(Information shown)

(* Let $G$ be a finite graph such that no connected component of $\mathcal{I}^1_{\mathrm{AR}}(G)$ is an even cycle. Then the partition $V_1,\dots,V_{\alpha(G)}$ of $V(\mathcal{I}^1_{\mathrm{AR}}(G))$, where $V_i$ is the set of independent sets of $G$ of size $i$, is the unique layering of $\mathcal{I}^1_{\mathrm{AR}}(G)$.
   Context: $\alpha(G)$ is the maximum size of an independent set of $G$. $\mathcal{I}^1_{\mathrm{AR}}(G)$ is the graph whose vertices are the nonempty independent sets of $G$, two being adjacent iff their symmetric difference has exactly one element. A layering of a graph $H$ is a partition of $V(H)$ into an ordered sequence of parts (layers) $V_1,\dots,V_p$ such that: (1) each layer is an independent set of $H$; (2) every edge of $H$ joins vertices in consecutive layers $V_i,V_{i+1}$; (3) for $2\le i\le p$, each vertex of $V_i$ has exactly $i$ neighbours in $V_{i-1}$; (4) for $1\le i\le p$, any two vertices of $V_i$ have at most one common neighbour in $V_{i-1}$ and at most one common neighbour in $V_{i+1}$. *)

From mathcomp Require Import all_boot.
Set Implicit Arguments. Unset Strict Implicit. Unset Printing Implicit Defensive.

Definition simple_graph (T : finType) (e : rel T) : Prop :=
  symmetric e /\ irreflexive e.

Definition indep (T : finType) (e : rel T) (A : {set T}) : bool :=
  [forall x in A, forall y in A, ~~ e x y].

Definition alpha (T : finType) (e : rel T) : nat :=
  \max_(A : {set T} | indep e A) #|A|.

(* Vertices of I^1_AR(G): nonempty independent sets of G. *)
Definition IAR_vert (T : finType) (e : rel T) :=
  {A : {set T} | indep e A && (A != set0)}.

Definition IAR_adj (T : finType) (e : rel T) : rel (IAR_vert e) :=
  fun A B => #|(val A :\: val B) :|: (val B :\: val A)| == 1.

Definition component (V : finType) (adj : rel V) (v : V) : {set V} :=
  [set u | connect adj v u].

Definition induces_cycle (V : finType) (adj : rel V) (C : {set V}) (n : nat)
  : Prop :=
  3 <= n /\
  exists f : 'I_n -> V,
    injective f /\ C = [set f i | i in 'I_n] /\
    (forall i j : 'I_n,
       adj (f i) (f j) <-> (j = (i + 1) %% n :> nat \/ i = (j + 1) %% n :> nat)).

Definition is_even_cycle (V : finType) (adj : rel V) (C : {set V}) : Prop :=
  exists n, ~~ odd n /\ induces_cycle adj C n.

(* A layering of H = (V, adj) with p layers, given as the layer-index map
   L : V -> nat (vertex v lies in layer V_(L v)), layers V_1, ..., V_p.
   The layers form a partition into nonempty parts. *)
Definition is_layering (V : finType) (adj : rel V) (p : nat) (L : V -> nat)
  : Prop :=
  (forall v, 1 <= L v <= p) /\
  (forall i, 1 <= i <= p -> exists v, L v = i) /\
  (forall u v, adj u v -> L u != L v) /\
  (forall u v, adj u v -> L v = (L u).+1 \/ L u = (L v).+1) /\
  (* (3) each vertex of V_i, i >= 2, has exactly i neighbours in V_(i-1) *)
  (forall v, 2 <= L v -> #|[set u | adj v u & L u == (L v).-1]| = L v) /\
  (* (4) two vertices of V_i have at most one common neighbour in V_(i-1)
         and at most one common neighbour in V_(i+1) *)
  (forall u v, u != v -> L u = L v ->
     #|[set w | [&& adj u w, adj v w & L w == (L u).-1]]| <= 1 /\
     #|[set w | [&& adj u w, adj v w & L w == (L u).+1]]| <= 1).

From mathcomp Require Import all_boot zify.
Set Implicit Arguments. Unset Strict Implicit. Unset Printing Implicit Defensive.

(* The cardinality layering is one: consecutive layers differ by one element,
   and two sets of equal size have at most one common neighbour in each adjacent
   layer (their intersection, resp. their union).

   Conversely, let L be a layering.  Applied to the square A, c+A, y+A, c+y+A,
   condition (4) shows that adding c to A moves in the same direction as adding
   c to y+A; hence the direction of adding c to B is the one of adding c to {x},
   for any x in B.  Let D(x) be the set of c such that {x, c} lies below {x}.
   If L{x} >= 2, condition (3) gives |D(x)| = L{x}, while adding an independent
   S included in D(x) to {x} descends |S| layers, so no independent subset of
   D(x) has L{x} elements.  Counting the lower neighbours of x+S, for S a
   maximal independent subset of D(x), shows that {z} lies above {x, z} for
   every z in D(x); counting at {x, z} then shows that D(x) is independent as
   soon as L{x} >= 3, which is absurd.  If L{x} = 2, the singletons in layer 2
   and the pairs in layer 1 have degree 2 and form whole components, which are
   bipartite, i.e. even cycles.  Hence every singleton lies in layer 1, every
   addition goes up, and L A = |A|. *)

(** * Two-regular bipartite components are even cycles *)

Section TwoRegularComponent.
Variables (V : finType) (adj : rel V).
Hypotheses (adj_sym : symmetric adj) (adj_irr : irreflexive adj).
Variable colour : V -> bool.
Hypothesis colour_adj : forall u v, adj u v -> colour u != colour v.
Variable Q : pred V.
Hypothesis Q_deg2 : forall u, Q u -> #|[set w | adj u w]| = 2.
Hypothesis Q_adj : forall u w, Q u -> adj u w -> Q w.

Definition other (u w : V) : V := odflt u [pick y | adj u y && (y != w)].

Lemma otherP u w : Q u -> adj u w ->
  [/\ adj u (other u w), other u w != w &
      forall y, adj u y -> y = w \/ y = other u w].
Proof.
move=> /Q_deg2 /eqP /cards2P [a [b [ab nbrs]]] uw.
have nbrP y : adj u y = (y == a) || (y == b) by rewrite -in_set2 -nbrs inE.
rewrite /other; case: pickP => [y /andP [uy yw] | none] /=.
  split=> // y' uy'; move: uw uy uy' yw; rewrite !nbrP.
  by do 3!case/orP=> /eqP ->; rewrite ?eqxx //; auto.
exfalso; move: uw (none a) (none b); rewrite !nbrP !eqxx orbT /=.
by case/orP => /eqP ->; rewrite ?eqxx /= ?(eq_sym b) ab.
Qed.

Variable v0 : V.
Hypothesis Qv0 : Q v0.

Definition v1 : V := odflt v0 [pick y | adj v0 y].

Lemma adj_v0v1 : adj v0 v1.
Proof.
rewrite /v1; case: pickP => [y // | none] /=.
move: (Q_deg2 Qv0); rewrite (_ : [set w | adj v0 w] = set0) ?cards0 //.
by apply/setP => y; rewrite !inE none.
Qed.

Fixpoint dart (n : nat) : V * V :=
  if n is n'.+1 then let d := dart n' in (d.2, other d.2 d.1) else (v0, v1).

Definition tour n := (dart n).1.

Lemma tourSS n : tour n.+2 = other (tour n.+1) (tour n).
Proof. by []. Qed.

Lemma tour_Q_adj n : Q (tour n) /\ adj (tour n) (tour n.+1).
Proof.
elim: n => [|n [Qn an]]; first by split=> //; apply: adj_v0v1.
have Qn1 := Q_adj Qn an; split=> //.
by rewrite tourSS; case: (otherP Qn1 (_ : adj _ (tour n))); rewrite // adj_sym.
Qed.

Lemma tour_adj n : adj (tour n) (tour n.+1).
Proof. by case: (tour_Q_adj n). Qed.

Lemma tour_otherP n :
  tour n.+2 != tour n /\ forall y, adj (tour n.+1) y -> y = tour n \/ y = tour n.+2.
Proof.
have [Qn an] := tour_Q_adj n.
have back : adj (tour n.+1) (tour n) by rewrite adj_sym.
by have [] := otherP (Q_adj Qn an) back.
Qed.

Lemma connect_tour n : connect adj v0 (tour n).
Proof.
elim: n => [|n IH]; first exact: connect0.
exact: connect_trans IH (connect1 (tour_adj n)).
Qed.

Lemma colour_tour n : colour (tour n) = colour v0 (+) odd n.
Proof.
elim: n => [|n IH] /=; first by rewrite addbF.
by move: (colour_adj (tour_adj n)); rewrite IH; case: (colour (tour n.+1));
  case: (colour v0); case: (odd n).
Qed.

Lemma tour_repeats : exists j, [exists i : 'I_j, tour i == tour j].
Proof.
have [/existsP [j rep] | norep] :=
  boolP [exists j : 'I_#|V|.+1, [exists i : 'I_j, tour i == tour j]].
  by exists j.
suff /leq_card : injective (fun i : 'I_#|V|.+1 => tour i) by rewrite card_ord ltnn.
have rep i j : i < j -> tour i = tour j -> j < #|V|.+1 -> False.
  move=> lt eij lj; case/existsP: norep; exists (Ordinal lj).
  by apply/existsP; exists (Ordinal lt); rewrite /= eij.
move=> i j eij; apply: val_inj.
by case: (ltngtP i j) => // lt; [case: (rep _ _ lt eij) | case: (rep _ _ lt (esym eij))].
Qed.

Definition period := ex_minn tour_repeats.

Lemma periodP : (exists2 i, i < period & tour i = tour period) /\
  forall j i, j < period -> i < j -> tour i <> tour j.
Proof.
rewrite /period; case: ex_minnP => m /existsP [i0 /eqP rep] min; split.
  by exists i0.
move=> j i jm ij eij; suff /min : [exists i : 'I_j, tour i == tour j] by lia.
by apply/existsP; exists (Ordinal ij); rewrite /= eij.
Qed.

Lemma tour_inj i j : i < period -> j < period -> tour i = tour j -> i = j.
Proof.
have [_ min] := periodP.
by move=> ip jp eij; case: (ltngtP i j) => // lt; [case: (min j i) | case: (min i j)].
Qed.

(* The first repeated vertex is [v0]: repeating any later vertex would give it
   a third neighbour. *)
Lemma tour_period : tour period = tour 0.
Proof.
have [[[|i] ip rep] min] := periodP; first by [].
exfalso; have p1 : period = period.-1.+1 by lia.
have : adj (tour i.+1) (tour period.-1) by rewrite rep adj_sym {2}p1 tour_adj.
case/(tour_otherP i).2 => prev.
  by apply: (min period.-1 i) (esym prev); lia.
case: (ltngtP i.+2 period.-1) => cmp.
- by apply: (min period.-1 i.+2) (esym prev); lia.
- have p2 : period = i.+2 by lia.
  by move: (tour_adj i.+1); rewrite -p2 -rep adj_irr.
- have p3 : period = i.+3 by lia.
  by move: (tour_otherP i.+1).1; rewrite -p3 -rep eqxx.
Qed.

Lemma period_gt2 : 2 < period.
Proof.
have [[i ip _] _] := periodP.
case p: period ip => [|[|[|q]]] // _.
- by move: (tour_adj 0); rewrite -tour_period p adj_irr.
- by move: (tour_otherP 0).1; rewrite -tour_period p eqxx.
Qed.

(End Information shown)

▶ _Problem details_
Go through the entries above and copy every line containing "prev".

▶ _Response area_
case/(tour_otherP i).2 => prev.
  by apply: (min period.-1 i) (esym prev); lia.
- by apply: (min period.-1 i.+2) (esym prev); lia.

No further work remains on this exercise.